Electronics Production | August 30, 2010
EMS suffer from supply chain pile-up
Component shortages have led to a traffic pileup in the global electronics supply chain, with major contract manufacturers facing a challenging supply imbalance characterized by tight inventories of parts and finished products and a glut of raw materials, according to the market research firm iSuppli.

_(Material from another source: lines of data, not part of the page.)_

(* Under the standing setting and assumptions (A1)–(A3) described in the context, assume $\mathcal A$ is strictly convex and $\mathcal R(X)\neq\emptyset$ for all $X\in\mathcal X$. Then $|\mathcal R(X)|=1$ for all $X\in\mathcal X$.
   Context: Let $\mathcal X$ be a Hausdorff, first countable, locally convex topological vector space over $\mathbb R$, partially ordered by a partial order $\geq$ with positive cone $\mathcal X_+=\{X\in\mathcal X: X\geq 0\}$. Let $\mathcal M\subset\mathcal X$ be a vector subspace with $1<\dim\mathcal M<\infty$, carrying the relative topology, and let $\pi:\mathcal M\to\mathbb R$ be linear. Standing assumptions: (A1) there is $U\in\mathcal M\cap\mathcal X_+$ with $\pi(U)=1$; (A2) $\mathcal A\subsetneq\mathcal X$ is closed, contains $0$, and satisfies $\mathcal A+\mathcal X_+\subset\mathcal A$; (A3) the map $\rho(X)=\inf\{\pi(Z): Z\in\mathcal M,\ X+Z\in\mathcal A\}$ is finitely valued and continuous on $\mathcal X$. The optimal payoff map is $\mathcal R(X)=\{Z\in\mathcal M: X+Z\in\mathcal A,\ \pi(Z)=\rho(X)\}$; $|\cdot|$ is cardinality. $\mathcal A$ is strictly convex if $\lambda X+(1-\lambda)Y\in\mathrm{int}\,\mathcal A$ for all $\lambda\in(0,1)$ and all distinct $X,Y\in\mathcal A$. *)

From HB Require Import structures.
From mathcomp Require Import all_boot all_order all_algebra.
From mathcomp Require Import all_classical all_reals all_analysis.
Set Implicit Arguments. Unset Strict Implicit. Unset Printing Implicit Defensive.
Import Order.TTheory GRing.Theory Num.Theory.
Local Open Scope classical_set_scope.
Local Open Scope ring_scope.

Section defs.
Context {R : realType} {X : tvsType R}.

Definition first_countable : Prop :=
  forall x : X, exists B : nat -> set X,
    (forall n, nbhs x (B n)) /\ (forall U, nbhs x U -> exists n, B n `<=` U).

Definition is_partial_order (ge : X -> X -> Prop) : Prop :=
  (forall x, ge x x) /\ (forall x y, ge x y -> ge y x -> x = y) /\
  (forall x y z, ge x y -> ge y z -> ge x z).

Definition pos_cone (ge : X -> X -> Prop) : set X := [set x | ge x 0].

Definition is_subspace (M : set X) : Prop :=
  M 0 /\ (forall (a : R) x y, M x -> M y -> M (a *: x + y)).

Definition has_dim (M : set X) (n : nat) : Prop :=
  exists b : 'I_n -> X,
    (forall i, M (b i)) /\
    (forall c : 'I_n -> R, \sum_(i < n) c i *: b i = 0 -> forall i, c i = 0) /\
    (forall x, M x -> exists c : 'I_n -> R, x = \sum_(i < n) c i *: b i).

(* pi is linear on M (only its values on M matter) *)
Definition linear_on (M : set X) (pi : X -> R) : Prop :=
  forall (a : R) x y, M x -> M y -> pi (a *: x + y) = a * pi x + pi y.

Definition rho_set (M A : set X) (pi : X -> R) (x : X) : set (\bar R) :=
  [set (pi z)%:E | z in [set z | M z /\ A (x + z)]].

Definition rho_ext (M A : set X) (pi : X -> R) (x : X) : \bar R :=
  ereal_inf (rho_set M A pi x).

(* real-valued rho (meaningful when rho_ext is finite, as assumed in (A3)) *)
Definition rho (M A : set X) (pi : X -> R) (x : X) : R :=
  fine (rho_ext M A pi x).

Definition optimal_payoff (M A : set X) (pi : X -> R) (x : X) : set X :=
  [set z | M z /\ A (x + z) /\ pi z = rho M A pi x].

Definition strictly_convex (A : set X) : Prop :=
  forall (l : R) x y, 0 < l < 1 -> A x -> A y -> x <> y ->
    interior A (l *: x + (1 - l) *: y).

End defs.

From HB Require Import structures.
From mathcomp Require Import all_boot all_order all_algebra.
From mathcomp Require Import all_classical all_reals all_analysis.
From mathcomp Require Import lra.
Import Order.TTheory GRing.Theory Num.Theory numFieldTopology.Exports numFieldNormedType.Exports.
Local Open Scope classical_set_scope.
Local Open Scope ring_scope.

(* If z <> Z were both optimal for X, strict convexity would put X + w, with
   w their midpoint, in the interior of A, while w still has price rho(X).
   Moving a little from w in the direction -U keeps X + w - eU in A and lowers
   the price by e pi(U) = e > 0, contradicting the minimality of rho(X).
   Besides strict convexity, only (A1) and the finiteness of rho are used. *)

Section line_in_tvs.
Context {R : realType} {X : tvsType R}.

Lemma line_continuous (p u : X) : continuous (fun t : R^o => p + t *: u).
Proof.
move=> t.
apply: (@continuous_comp R^o (X * X)%type X (fun s => (p, s *: u))
  (fun x => x.1 + x.2)); last exact: add_continuous.
apply: (@cvg_pair _ _ _ _ (nbhs p)); first exact: cvg_cst.
apply: (@continuous_comp R^o (R^o * X)%type X (fun s => (s, u))
  (fun x => x.1 *: x.2)); last exact: scale_continuous.
by apply: (@cvg_pair _ _ _ _ (nbhs t)); [exact: cvg_id | exact: cvg_cst].
Qed.

Lemma nbhs_sub_scale {A : set X} {p : X} (u : X) :
  nbhs p A -> exists2 e : R, 0 < e & A (p - e *: u).
Proof.
move=> pA.
have /nbhs_ballP[e /= e0 eA] :
    nbhs (0 : R^o) ((fun t : R^o => p + t *: u) @^-1` A).
  by apply: line_continuous; rewrite scale0r addr0.
exists (e / 2); first by rewrite divr_gt0.
rewrite -scaleNr; apply: eA.
by rewrite -ball_normE /= sub0r opprK ger0_norm ?ltr_pdivrMr ?ltr_pMr ?ltr1n
  ?divr_ge0 ?ltW.
Qed.

Lemma scalerDr_convex (l : R) (x y z : X) :
  l *: (x + y) + (1 - l) *: (x + z) = x + (l *: y + (1 - l) *: z).
Proof. by rewrite !scalerDr addrACA -scalerDl subrKC scale1r. Qed.

End line_in_tvs.

Section optimal_payoff_unique.
Context {R : realType} {X : tvsType R} {M A : set X} { pi : X -> R }.
Hypothesis subM : is_subspace M.
Hypothesis linpi : linear_on M pi.

Lemma subspaceZ (a : R) {y} : M y -> M (a *: y).
Proof. by move=> My; have := subM.2 a y 0 My subM.1; rewrite addr0. Qed.

Lemma subspace_convex (l : R) {y z} : M y -> M z -> M (l *: y + (1 - l) *: z).
Proof. by move=> My Mz; apply: subM.2 => //; exact: subspaceZ. Qed.

Lemma linear_on0 : pi 0 = 0.
Proof.
by have := linpi 1 0 0 subM.1 subM.1; rewrite scale1r addr0 mul1r; lra.
Qed.

Lemma linear_onZ (a : R) {y} : M y -> pi (a *: y) = a * pi y.
Proof.
by move=> My; have := linpi a y 0 My subM.1; rewrite !addr0 linear_on0 addr0.
Qed.

Lemma linear_on_convex (l : R) {y z} : M y -> M z ->
  pi (l *: y + (1 - l) *: z) = l * pi y + (1 - l) * pi z.
Proof. by move=> My Mz; rewrite linpi ?linear_onZ //; exact: subspaceZ. Qed.

Lemma rho_le {x z : X} : rho_ext M A pi x \is a fin_num ->
  M z -> A (x + z) -> rho M A pi x <= pi z.
Proof.
move=> finx Mz Axz; rewrite -lee_fin /rho fineK //.
by apply: ereal_inf_lbound; exists z.
Qed.

Lemma rho_lt_interior {U x w : X} : M U -> 0 < pi U ->
  rho_ext M A pi x \is a fin_num ->
  M w -> interior A (x + w) -> rho M A pi x < pi w.
Proof.
move=> MU piU finx Mw /(nbhs_sub_scale U)[e e0 Ae].
have Mw' : M (w - e *: U) by rewrite addrC -scaleNr; exact: subM.2.
have := rho_le finx Mw'; rewrite addrA => /(_ Ae).
rewrite addrC -scaleNr linpi // mulNr.
by move: (mulr_gt0 e0 piU); lra.
Qed.

Lemma optimal_payoff_eq {U x z z' : X} : M U -> 0 < pi U ->
  rho_ext M A pi x \is a fin_num -> strictly_convex A ->
  optimal_payoff M A pi x z -> optimal_payoff M A pi x z' -> z = z'.
Proof.
move=> MU piU finx convA [Mz [Az piz]] [Mz' [Az' piz']].
apply: contrapT => neq.
have half_in01 : 0 < (2^-1 : R) < 1 by apply/andP; split; lra.
have Aint := convA _ _ _ half_in01 Az Az' (contra_not (@addrI _ x _ _) neq).
rewrite scalerDr_convex in Aint.
have := rho_lt_interior MU piU finx (subspace_convex _ Mz Mz') Aint.
by rewrite linear_on_convex // piz piz'; lra.
Qed.

End optimal_payoff_unique.

Theorem mainTheorem14 (R : realType) (X : tvsType R)
  (ge : X -> X -> Prop) (M : set X) (n : nat) (pi : X -> R) (A : set X) :
  hausdorff_space X ->
  first_countable (X := X) ->
  is_partial_order ge ->
  is_subspace M -> (1 < n)%N -> has_dim M n ->
  linear_on M pi ->
  (* (A1) *)
  (exists U, M U /\ pos_cone ge U /\ pi U = 1) ->
  (* (A2) *)
  closed A -> A 0 -> A != [set: X] ->
  (forall a p, A a -> pos_cone ge p -> A (a + p)) ->
  (* (A3) *)
  (forall x, rho_ext M A pi x \is a fin_num) ->
  continuous (rho M A pi) ->
  (* theorem hypotheses *)
  strictly_convex A ->
  (forall x, optimal_payoff M A pi x !=set0) ->
  forall x, exists Z, optimal_payoff M A pi x = [set Z].
Proof.
move=> _ _ _ subM _ _ linpi [U [MU [_ piU]]] _ _ _ _ fin _ convA nonempty x.
have [Z optZ] := nonempty x.
exists Z; apply/seteqP; split=> [z optz | z ->] //=.
have piU_gt0 : 0 < pi U by rewrite piU ltr01.
exact: (optimal_payoff_eq subM linpi MU piU_gt0 (fin x) convA).
Qed.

A quick snapshot of inventory at 5 of the larger Electronic Manufacturing Service (EMS) providers showed that components and raw materials accounted for nearly 70% of total inventories during the 1Q/2010. In comparison, work-in-process goods made up about 17% of inventories, while finished goods comprised less than 15%, iSuppli continued. "iSuppli believes that the current trend—in which electronics inventories are being weighed down by an overwhelmingly large percentage of raw materials—will continue for some time to come, given that more product in kits are waiting to be finished", said Thomas Dinges, iSuppli EMS and ODM analyst. Biggest near-term issue: extended lead times for components However, the market researcher believes that extended lead times and parts shortages are a big problem. Lead times have worsened for a wide range of semiconductor discrete devices, with lead times running as much as 100% longer than for the same period last year. The shortest lead times—at 10 weeks as of July—are for connectors, up from 5 weeks in July 2009. The longest lead times are for rectifiers and small signal discretes, now running at 20 weeks—a full five months compared to 10 weeks last year at this time.